Jacek Kądziela, Andrzej Januszewicz, Aleksander Prejbisz, Ilona Michałowska, Magdalena Januszewicz, Elżbieta Florczak, Łukasz Kalińczuk, Bożena Norwa-Otto, Ewa Warchoł, Adam Witkowski, Jacek Kądziela, Andrzej Januszewicz, Aleksander Prejbisz, Ilona Michałowska, Magdalena Januszewicz, Elżbieta Florczak, Łukasz Kalińczuk, Bożena Norwa-Otto, Ewa Warchoł, Adam Witkowski

Abstract

Background: The aim of our study was to determine a potential relationship between resting translesional pressures ratio (Pd/Pa ratio), renal fractional flow reserve (rFFR) and blood pressure response after renal artery stenting.

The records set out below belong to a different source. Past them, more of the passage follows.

Lemma condH_ge0 (A B : finType) (P : A -> B -> R) :
  (forall a b, 0 <= P a b) -> 0 <= condH P.
Proof.
move=> H; rewrite condH_hterm; apply: sumR_ge0 => a _; apply: sumR_ge0 => b _.
apply: hterm_ge0; split; first exact: H.
by apply: sumR_ge_term => a'; exact: H.
Qed.

Lemma condH_coarsen (A B B' : finType) (P : A -> B' -> R) (f : B' -> B) :
  (forall a b, 0 <= P a b) ->
  condH P <= condH (fun a b => \big[Rplus/R0]_(b' | f b' == b) P a b').
Proof.
move=> H; rewrite !condH_hterm; apply: sumR_le => a _.
rewrite (partition_big f xpredT) //=; apply: sumR_le => b _.
have -> : \sumR_(a' : A) \big[Rplus/R0]_(b' | f b' == b) P a' b'
   = \big[Rplus/R0]_(b' | f b' == b) \sumR_(a' : A) P a' b'.
  rewrite (exchange_big_dep (fun b' => f b' == b)) //=.
  by apply: eq_bigr => b' hb'; apply: eq_bigl => a'; rewrite hb'.
apply: log_sum => b' _; split; first exact: H.
by apply: sumR_ge_term => a'; exact: H.
Qed.

Lemma uniformP_ge0 (M : finType) : 0 <= uniformP M.
Proof.
rewrite /uniformP; case: (posnP #|M|) => [-> | hM]; first by rewrite /= Rinv_0; lra.
by apply: Rlt_le; apply: Rinv_0_lt_compat; apply: lt_0_INR; lia.
Qed.

Lemma joint_adv_ge0 n (M : finType) (enc : M -> word n -> R) T s v :
  (forall s x, 0 <= enc s x) -> 0 <= joint_adv enc T s v.
Proof.
move=> H; apply: sumR_ge0 => x _.
by have := uniformP_ge0 M; have := H s x; case: eqP => _; nra.
Qed.

Definition restrict_view n (T : {set 'I_n}) (v : view n) : view n :=
  [ffun i => if i \in T then v i else None].

Lemma restrict_viewof n (T T' : {set 'I_n}) (x : word n) :
  T \subset T' -> restrict_view T (viewof T' x) = viewof T x.
Proof.
move=> sub; apply/ffunP => i; rewrite !ffunE.
by case hi: (i \in T) => //; rewrite (subsetP sub i hi).
Qed.

Lemma sum_fiber_indicator (B : finType) (g : B -> B) (v w : B) :
  \big[Rplus/R0]_(v' | g v' == v) (if w == v' then 1 else 0) = if g w == v then 1 else 0.
Proof.
case: eqP => h.
- rewrite (bigD1 w); last exact/eqP.
  rewrite eqxx big1 /=; first by rewrite Rplus_0_r.
  by move=> v' /andP [_ hv']; rewrite eq_sym (negbTE hv').
- by apply: big1 => v' /eqP hv'; case: eqP => // hw; subst; case: h.
Qed.

Lemma joint_adv_restrict n (M : finType) (enc : M -> word n -> R) (T T' : {set 'I_n}) s v :
  T \subset T' ->
  joint_adv enc T s v = \big[Rplus/R0]_(v' | restrict_view T v' == v) joint_adv enc T' s v'.
Proof.
move=> sub; rewrite /joint_adv exchange_big /=; apply: eq_bigr => x _.
by rewrite -big_distrr /= sum_fiber_indicator restrict_viewof.
Qed.

Lemma condH_joint_adv_antimono n (M : finType) (enc : M -> word n -> R) (T T' : {set 'I_n}) :
  (forall s x, 0 <= enc s x) -> T \subset T' ->
  condH (joint_adv enc T') <= condH (joint_adv enc T).
Proof.
move=> H sub; rewrite (condH_ext (fun s v => joint_adv_restrict enc s v sub)).
by apply: condH_coarsen => s v; exact: joint_adv_ge0.
Qed.

Lemma subset_extend_card n k (T : {set 'I_n}) :
  (#|T| <= k <= n)%nat -> exists2 T' : {set 'I_n}, T \subset T' & #|T'| = k.
Proof.
elim: k T => [|k IH] T /andP [hT hk].
  by exists T => //; apply/eqP; rewrite -leqn0.
have [hTk | hTk] := eqVneq #|T| k.+1; first by exists T.
have [T2 sub2 card2] : exists2 T2 : {set 'I_n}, T \subset T2 & #|T2| = k.
  by apply: IH; apply/andP; split; lia.
have /card_gt0P [i] : (0 < #|~: T2|)%nat by have := cardsC T2; rewrite card_ord; lia.
rewrite inE => hi; exists (i |: T2); first exact: subset_trans sub2 (subsetUr _ _).
by rewrite cardsU1 hi card2.
Qed.

Lemma nfloor_spec r : 0 <= r -> INR (nfloor r) <= r < INR (nfloor r) + 1.
Proof.
move=> hr; have [h1 h2] := base_Int_part r.
have hz : (0 <= Int_part r)%Z.
  have : (-1 < Int_part r)%Z by apply: lt_IZR; lra.
  lia.
by rewrite /nfloor INR_IZR_INZ Z2Nat.id //; lra.
Qed.

Definition unerased n (z : view n) : word n := [ffun i => z i != None].
Definition support n (e : word n) : {set 'I_n} := [set i | e i].

Lemma unerased_viewof n (e x : word n) : unerased (viewof (support e) x) = e.
Proof. by apply/ffunP => i; rewrite !ffunE inE; case: (e i). Qed.

Lemma eq_ffun_indicator (A : finType) n (f g : {ffun 'I_n -> A}) :
  (if f == g then 1 else 0) = \big[Rmult/R1]_(i < n) (if f i == g i then 1 else 0).
Proof.
case: eqP => [-> | hne]; first by rewrite big1 // => i _; rewrite eqxx.
case: (pickP (fun i => f i != g i)) => [i hi | hall].
  by rewrite (bigD1 i) //= (negbTE hi) Rmult_0_l.
by exfalso; apply: hne; apply/ffunP => i; move/negbFE/eqP: (hall i).
Qed.

Lemma bec_factor n a (x : word n) (z : view n) :
  bec a x z = bsc a (unerased z) * (if viewof (support (unerased z)) x == z then 1 else 0).
Proof.
rewrite eq_ffun_indicator /bec /bsc -big_split /=; apply: eq_bigr => i _.
rewrite !ffunE inE !ffunE.
by case: (z i) => [c|] /=; [case: (x i); case: c => /=; lra | lra].
Qed.

Lemma joint_rnd_factor n (M : finType) (enc : M -> word n -> R) a s z :
  joint_rnd enc a s z = bsc a (unerased z) * joint_adv enc (support (unerased z)) s z.
Proof.
rewrite /joint_rnd /joint_adv big_distrr /=; apply: eq_bigr => x _.
by rewrite bec_factor; ring.
Qed.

Methods: Thirty five hypertensive patients (49% males, mean age 64 years) with at least 60% stenosis in angiography, underwent renal artery stenting. Translesional systolic pressure gradient (TSPG), Pd/Pa ratio (the ratio of mean distal to lesion and mean proximal pressures) and hyperemic rFFR - after intrarenal administration of papaverine - were measured before stent implantation. Ambulatory blood pressure measurements (ABPM) were recorded before the procedure and after 6 months. The ABPM results were presented as blood pressure changes in subgroups of patients with normal (≥ 0.9) vs. abnormal (< 0.9) Pd/Pa ratio and normal (≥ 0.8) vs. abnormal (< 0.8) rFFR.

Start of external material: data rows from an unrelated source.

Lemma probability_setI_ge A B (a b : R) : measurable A -> measurable B ->
  a%:E <= m A -> b%:E <= m B -> (a + b - 1)%:E <= m (A `&` B).
Proof.
move=> mA mB; have mAB := measurableI _ _ mA mB.
have : m (~` A `|` ~` B) <= m (~` A) + m (~` B).
  by apply: measureU2; apply: measurableC.
rewrite -setCI !(probability_setC m) //.
have [pA ->] := probability_EFin mA; have [pB ->] := probability_EFin mB.
have [pAB ->] := probability_EFin mAB.
by rewrite -[1]/(1%R%:E) -!EFinB -EFinD !lee_fin; lra.
Qed.

Lemma probability_increasing_gt (E : nat -> set T) (r : R) :
  (forall n, measurable (E n)) -> (forall n, E n `<=` E n.+1) ->
  (forall x, exists n, E n x) -> (r < 1)%R -> exists n, r%:E < m (E n).
Proof.
move=> mE incE covE r1.
have ET : \bigcup_n E n = setT.
  by apply/seteqP; split => // x _; have [n ?] := covE x; exists n.
have ndE : nondecreasing_seq E.
  by apply/nondecreasing_seqP => n; apply/subsetPset.
have ndmE : nondecreasing_seq (m \o E).
  by move=> a b ab; apply: le_measure; rewrite ?inE //; exact/subsetPset/ndE.
have mUE : measurable (\bigcup_n E n) by rewrite ET.
have mE1 : m (\bigcup_n E n) = ereal_sup (range (m \o E)).
  rewrite -(cvg_lim _ (nondecreasing_cvg_mu mE mUE ndE)) //.
  by rewrite -(cvg_lim _ (ereal_nondecreasing_cvgn ndmE)).
have : r%:E < ereal_sup (range (m \o E)) by rewrite -mE1 ET probability_setT lte_fin.
by case/ereal_sup_gt => _ [n _ <-]; exists n.
Qed.

Variable g : T -> R.
Hypothesis mg : measurable_fun setT g.

Let measurable_sublevel t : measurable (g @^-1` `]-oo, t]).
Proof. exact: measurable_funT_preimage. Qed.

Lemma probability_sublevel_gt (k : R) : (k < 1)%R ->
  exists t, k%:E < m (g @^-1` `]-oo, t]).
Proof.
move=> k1.
have incE n : g @^-1` `]-oo, n%:R] `<=` g @^-1` `]-oo, n.+1%:R].
  by move=> x /=; rewrite !in_itv /= => /le_trans; apply; rewrite ler_nat.
have covE x : exists n : nat, (g @^-1` `]-oo, n%:R]) x.
  exists (Num.bound `|g x|); rewrite /= in_itv /=.
  by apply/ltW/(le_lt_trans (ler_norm _))/archi_boundP.
have [n kn] := probability_increasing_gt (fun=> measurable_sublevel _) incE covE k1.
by exists n%:R.
Qed.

Results: Median Pd/Pa ratio was 0.84 (interquartile range 0.79-0.91) and strongly correlated with TSPG (r = -0.89, p < 0.001), minimal lumen diameter (MLD; r = 0.53, p < 0.005) and diameter stenosis (DS; r = -0.51, p < 0.005). Median rFFR was 0.78 (0.72-0.82). Similarly, significant correlation between rFFR and TSPG (r = -0.86, p < 0.0001), as well as with MLD (r = 0.50, p < 0.005) and DS (r = -0.51, p < 0.005) was observed. Procedural success was obtained in all patients. Baseline Pd/Pa ratio and rFFR did not predict hypertension response after renal artery stenting. Median changes of 24-h systolic/diastolic blood pressure were comparable in patients with abnormal vs. normal Pd/Pa ratio (-4/-3 vs. 0/2 mm Hg; p = NS) and with abnormal vs. normal rFFR (-2/-1 vs. -2/-0.5 mm Hg, respectively).

Conclusions: Physiological assessment of renal artery stenosis using Pd/Pa ratio and papaverine- induced renal fractional fl ow reserve did not predict hypertension response after renal artery stenting.

Trial registration: ClinicalTrials.gov NCT01128933.